> **Brief**
Would you set down the data below exactly as shown?

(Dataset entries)

(* Let $G$ be a finite abelian group and $A$ a finite dimensional $G$-graded algebra with a regular grading with bicharacter $\beta$ whose regular decomposition is minimal, and assume $A_0$ is a local algebra. If $J(A_0)\neq0$, then there exist a commutative local subalgebra $\mathscr{U}$ of $A$ (namely $\mathscr U=K+J(A_0)$) and a 2-cocycle $\alpha\in H^2(G,K^* )$ inducing $\beta$ such that $A\cong K^\alpha G\otimes\mathscr{U}$ as $G$-graded algebras, where $\mathscr U$ carries the trivial grading. If $J(A_0)=0$, then $A\cong K^\alpha G$ as $G$-graded algebras.
   Context: All algebras are associative with unit over an algebraically closed field $K$ of characteristic $0$; $G$ finite abelian, written additively, neutral element $0$. A $G$-graded algebra $A$ has a regular grading if (i) for every $n$ and every $(g_1,\dots,g_n)\in G^n$ there exist $a_i\in A_{g_i}$ with $a_1\cdots a_n\ne0$, and (ii) there is $\beta\colon G\times G\to K^*$ with $a_ga_h=\beta(g,h)a_ha_g$ for all homogeneous $a_g,a_h$ ($\beta$ = bicharacter). The regular decomposition is minimal if there do not exist $g\neq h$ with $\beta(x,g)=\beta(x,h)$ for all $x\in G$. A commutative algebra $S$ is local if $S/J(S)\cong K$, $J$ the Jacobson radical. For a 2-cocycle $\alpha$, $K^\alpha G$ has basis $\{X_g\}$ with $X_gX_h=\alpha(g,h)X_{g+h}$, graded by $(K^\alpha G)_g=KX_g$; $\alpha$ induces $\beta$ if $\beta(g,h)=\alpha(g,h)\alpha(h,g)^{-1}$. Trivial grading: $V_0=V$, $V_g=0$ for $g\ne0$; tensor products are graded by $(V\otimes W)_g=\bigoplus_{h+k=g}V_h\otimes W_k$. *)

From HB Require Import structures.
From mathcomp Require Import all_boot all_order all_algebra all_field.
Set Implicit Arguments. Unset Strict Implicit. Unset Printing Implicit Defensive.
Import GRing.Theory.
Local Open Scope ring_scope.

Definition graded (K : fieldType) (A : falgType K) (G : finZmodType)
    (Ag : G -> {vspace A}) : Prop :=
  [/\ directv (\sum_(g : G) Ag g)%VS,
      (\sum_(g : G) Ag g)%VS = fullv &
      forall (g h : G) (a b : A), a \in Ag g -> b \in Ag h -> a * b \in Ag (g + h)].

> **Exercise result**
(* Let $G$ be a finite abelian group and $A$ a finite dimensional $G$-graded algebra with a regular grading with bicharacter $\beta$ whose regular decomposition is minimal, and assume $A_0$ is a local algebra. If $J(A_0)\neq0$, then there exist a commutative local subalgebra $\mathscr{U}$ of $A$ (namely $\mathscr U=K+J(A_0)$) and a 2-cocycle $\alpha\in H^2(G,K^* )$ inducing $\beta$ such that $A\cong K^\alpha G\otimes\mathscr{U}$ as $G$-graded algebras, where $\mathscr U$ carries the trivial grading. If $J(A_0)=0$, then $A\cong K^\alpha G$ as $G$-graded algebras.
   Context: All algebras are associative with unit over an algebraically closed field $K$ of characteristic $0$; $G$ finite abelian, written additively, neutral element $0$. A $G$-graded algebra $A$ has a regular grading if (i) for every $n$ and every $(g_1,\dots,g_n)\in G^n$ there exist $a_i\in A_{g_i}$ with $a_1\cdots a_n\ne0$, and (ii) there is $\beta\colon G\times G\to K^*$ with $a_ga_h=\beta(g,h)a_ha_g$ for all homogeneous $a_g,a_h$ ($\beta$ = bicharacter). The regular decomposition is minimal if there do not exist $g\neq h$ with $\beta(x,g)=\beta(x,h)$ for all $x\in G$. A commutative algebra $S$ is local if $S/J(S)\cong K$, $J$ the Jacobson radical. For a 2-cocycle $\alpha$, $K^\alpha G$ has basis $\{X_g\}$ with $X_gX_h=\alpha(g,h)X_{g+h}$, graded by $(K^\alpha G)_g=KX_g$; $\alpha$ induces $\beta$ if $\beta(g,h)=\alpha(g,h)\alpha(h,g)^{-1}$. Trivial grading: $V_0=V$, $V_g=0$ for $g\ne0$; tensor products are graded by $(V\otimes W)_g=\bigoplus_{h+k=g}V_h\otimes W_k$. *)

From HB Require Import structures.
From mathcomp Require Import all_boot all_order all_algebra all_field.
Set Implicit Arguments. Unset Strict Implicit. Unset Printing Implicit Defensive.
Import GRing.Theory.
Local Open Scope ring_scope.

Definition graded (K : fieldType) (A : falgType K) (G : finZmodType)
    (Ag : G -> {vspace A}) : Prop :=
  [/\ directv (\sum_(g : G) Ag g)%VS,
      (\sum_(g : G) Ag g)%VS = fullv &
      forall (g h : G) (a b : A), a \in Ag g -> b \in Ag h -> a * b \in Ag (g + h)].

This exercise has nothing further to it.